Рассказ Буковски, проиллюстрированный Робертом Крамбом, в 1975 году был опубликован в «Аркаде, обозрении комиксов», соредактором которого был Гриффит.

[Биллу Гриффиту]

9 июня 1975 г.

Прости, что так долго не отвечал, но я расставался с этой женщиной, и у меня кишки наружу висят, все вот это вот. Пытаюсь склеить себя воедино, чтобы подготовиться от следующей войны. ну а тем временем писанина застопорилась со всем остальным, и у меня просто нет лишнего материала. Беда моя в том, что мне не отказывают. Бля, это ужас. Зато у Мартина целый конторский шкаф моей писанины, и, может, он что-то оттуда извлечет. Похоже, материала у него массы – вроде романов начатых и неоконченных, заметок из дурдома и трезвяка, тому подобное.

Крамб, как нам известно, И ЕСЬ КОМИКСЫ. как он рисует своих людей и как они шагают по странице, на этом держатся весь чудесный сок и сиянье. Я как-то с ним познакомился у Лайзы Уильямс, когда жил с нею, и никого естественнее в жизни я не встречал. Для меня будет наипочетнейшей волшебной вершиной, если он проиллюстрирует каких-нибудь моих ебанутых персонажей. Я очень надеюсь, что-нибудь получится, и мне жаль за свое нынешнее состояние мерзости и свисанья. Однако я пережил других женщин, пытавшихся прибить меня кнопками к кресту, и, вероятно, с этого тоже слезу.

1978

[Джону Мартину]

29 августа 1978 г.

Только что прочел твои письма в «Полынное [обозрение]», «Н[ью]-Й[оркский] Е[жеквартальник]» и мне. По-моему, ты слишком уж запарился на ровном месте. А кроме того, у меня такое чувство, что иногда, когда ты мне пишешь, ты держишь меня за какого-то идиота.

Давай проясним несколько пунктов по ходу их у тебя в письме. «Книги, что мы публикуем тут, на самом деле важная часть всей этой среды, и от них поступает твой настоящий доход».
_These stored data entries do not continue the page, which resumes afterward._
Lemma tail_size_small r K :
  0 <= r <= INR (S K) / 30 -> 2 * tail_size r K * exp r * exp (INR K) <= 1.
Proof.
  intros [H0 H1]; set (n := S K) in *; set (N := INR n) in *.
  assert (HN : 0 < N) by (apply lt_0_INR; unfold n; lia).
  assert (HF := fact_pos n).
  set (q := exp 1 * exp 1 * exp (1 / 15) / 30).
  assert (Hq : 0 <= q <= 1 / 3).
  { split; [| apply exp_constant_small].
    unfold q; generalize (exp_pos 1) (exp_pos (1 / 15)); intros; apply Rmult_le_pos; [nra | lra]. }
  assert (Hpow : r ^ n / INR (fact n) <= exp 1 ^ n / 30 ^ n).
  { apply Rle_trans with ((N / 30) ^ n / INR (fact n)).
    - apply Rmult_le_compat_r; [left; apply Rinv_0_lt_compat; lra | apply pow_incr; lra].
    - unfold Rdiv; rewrite Rpow_mult_distr, pow_inv, <- (exp_nat n 1), Rmult_1_r; fold N.
      replace (N ^ n * / 30 ^ n * / INR (fact n)) with (N ^ n / INR (fact n) * / 30 ^ n) by (unfold Rdiv; ring).
      apply Rmult_le_compat_r; [left; apply Rinv_0_lt_compat, pow_lt; lra |].
      apply rterm_le_exp; lra. }
  assert (Hexp2 : exp r * exp r <= exp (1 / 15) ^ n)
    by (rewrite <- exp_plus, <- exp_nat; apply exp_le; fold N; lra).
  assert (HexpK : exp (INR K) <= exp 1 ^ n)
    by (rewrite <- exp_nat; apply exp_le; unfold n; rewrite S_INR; lra).
  assert (Hqn : q ^ n <= q).
  { unfold n; simpl; assert (q ^ K <= 1) by (rewrite <- (pow1 K); apply pow_incr; lra); nra. }
  assert (Hprod : 2 * tail_size r K * exp r * exp (INR K) <= 2 * q ^ n).
  { unfold tail_size; fold n.
    assert (B0 : 0 <= r ^ n / INR (fact n))
      by (apply Rmult_le_pos; [apply pow_le; lra | left; apply Rinv_0_lt_compat; lra]).
    assert (B1 : 0 <= exp r * exp r) by (generalize (exp_pos r); nra).
    apply Rle_trans with (2 * (exp 1 ^ n / 30 ^ n) * exp (1 / 15) ^ n * exp 1 ^ n).
    - replace (2 * (r ^ n / INR (fact n) * exp r) * exp r * exp (INR K))
        with (2 * (r ^ n / INR (fact n)) * (exp r * exp r) * exp (INR K)) by ring.
      apply Rmult_le_compat; [nra | left; apply exp_pos | apply Rmult_le_compat; nra | exact HexpK].
    - right; unfold q, Rdiv; rewrite !Rpow_mult_distr, pow_inv; ring. }
  lra.
Qed.
Theorem mainTheorem11 (V : finType) (adj : rel V) (X Y : {set V})
    (h1 h2 : rel V) (n : nat) :
  simple_graph adj ->
  0 < #|edges adj| ->
  edge_magic adj ->
  (* bipartite with stable sets X and Y *)
  [disjoint X & Y] -> X :|: Y = [set: V] ->
  (forall x y, adj x y -> (x \in X) && (y \in Y) || (x \in Y) && (y \in X)) ->
  (* G ≅ H1 ⊕ H2 : the edge sets of H1, H2 partition E(G) *)
  symmetric h1 -> symmetric h2 ->
  (forall x y, adj x y = h1 x y || h2 x y) ->
  (forall x y, ~~ (h1 x y && h2 x y)) ->
  1 <= n ->
  (n.+1 * #|tau adj| + 2 <= #|tau (@S2n_adj V n adj h1 h2 X Y)|)%N.
Proof.
move=> [adj_sym adj_irr] edges_gt0 magic XY_disj _ adj_bip h1_sym h2_sym adj_dec h12_disj n_gt0.
have [k0 k0_mem k0_min] := min_valence adj_irr edges_gt0 magic.
have bounds k : k \in valences adj -> 6 <= k <= 3 * nlabels adj.
  by move=> /(valencesP adj_irr edges_gt0) [f]; apply: valence_bounds.
have lifted_uniq := lifted_valences_uniq n_gt0 (uniq_valences adj) bounds k0_mem k0_min
  (valences_dual adj_irr edges_gt0).
have lifted_sub := lifted_valences_sub (n := n) adj_sym adj_irr XY_disj adj_bip h1_sym h2_sym adj_dec
  h12_disj edges_gt0 k0_mem.
have := uniq_leq_size lifted_uniq lifted_sub.
by rewrite size_lifted_valences !size_valences mulnC addn2.
Qed.
Lemma sum_output_lower r : symmetric e -> irreflexive e -> is_rho e r -> N * r <= 2 * S.
Proof.
move=> e_sym e_irr rho_r; rewrite -sum_perm_const big_distrr /=; apply: leq_sum => s _.
rewrite card_alg2_output;
  apply: (rho_le_twice_size (I := greedy s) e_sym e_irr _ rho_r) => y yG.
by have := greedy_mis_dominating hadj (mem_perm_enum s y); rewrite (negbTE yG).
Qed.

Lemma sum_output_upper r : symmetric e -> is_rho e r -> K * S <= (K + 2) * (N * r).
Proof.
move=> e_sym rho_r.
pose D (P : pred (HV e K)) :=
  \sum_(s : {perm HV e K}) count (fun y => P y && untouched htouch (greedy s) y) (greedy s).
have S_le : S <= N * r + D (@hdirected T e K).
  rewrite -sum_perm_const -big_split /=; apply: leq_sum => s _.
  rewrite card_alg2_output.
  exact: size_le_rho_add_directed_untouched e_sym (greedy_perm_uniq _ s)
    (greedy_perm_independent (s:=s)) rho_r.
have D_le : K * D (@hdirected T e K) <= 2 * (N * r).
  rewrite /D !sum_count_untouched directed_undirected_balance -sum_count_untouched.
  rewrite -sum_perm_const leq_mul2l; apply/orP; right; apply: leq_sum => s _.
  apply: leq_trans (count_untouched_le_rho (greedy_perm_uniq _ s) rho_r).
  by apply: sub_count => y /andP[].
rewrite mulnDl; apply: leq_trans (leq_mul (leqnn K) S_le) _.
by rewrite mulnDr leq_add2l.
Qed.

End Expectation.

Import Order.TTheory GRing.Theory Num.Theory.
Local Open Scope ring_scope.

Lemma ratio_bounds (R : realFieldType) (N S r K : nat) : (0 < N)%N -> (0 < K)%N ->
  (N * r <= 2 * S)%N -> (K * S <= (K + 2) * (N * r))%N ->
  1 / 2 * (r%:R : R) <= S%:R / N%:R /\ S%:R / N%:R <= (1 + 2 / K%:R) * (r%:R : R).
Proof.
rewrite -!(ltr0n R) -!(ler_nat R) !natrM natrD => N_gt0 K_gt0 lower upper.
split; first by rewrite ler_pdivlMr //; lra.
rewrite ler_pdivrMr // -(ler_pM2l K_gt0).
suff -> : K%:R * ((1 + 2 / K%:R) * r%:R * N%:R) = (K%:R + 2) * (N%:R * r%:R) :> R by [].
by field; rewrite gt_eqF.
Qed.

Theorem lemma4p5 (T : finType) (e : rel T) (K : nat) (r : nat) :
  symmetric e -> irreflexive e -> (0 < K)%N -> is_rho e r ->
  (1 / 2) * (r%:R : rat) <= alg2_expected e K /\
  alg2_expected e K <= (1 + 2 / K%:R) * (r%:R : rat).
Proof.
move=> e_sym e_irr K_gt0 rho_r.
have N_gt0 : (0 < #|{perm HV e K}|)%N by apply/card_gt0P; exists 1%g.
have lower := sum_output_lower K e_sym e_irr rho_r.
have upper := sum_output_upper K e_sym rho_r.
exact: ratio_bounds N_gt0 K_gt0 lower upper.
Qed.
Суть: мой доход от тебя – $500 долларов в месяц, что составляет $6500 в год. Из этого я плачу алименты на ребенка, а на них налоговая скидка не распространяется. Как большой мальчик твоего издательского дома я, вероятно, по уровню бедности внесен в списки, и мне полагаются талоны на питание, как было все эти годы. Конечно, тебе известно, что в прошлые годы я существовал и на меньше, гораздо меньше. На это я не жаловался, потому что чокнут достаточно, чтоб мне хотелось просто сидеть за печатной машинкой и писать. Но возражаю я тут вот против чего: что ты мне рассказываешь, как хорошо все удается «Воробью» и Буку вместе. Не такое уж это и процветание и никогда им не было – для меня. Тут я больше говорю об экономике.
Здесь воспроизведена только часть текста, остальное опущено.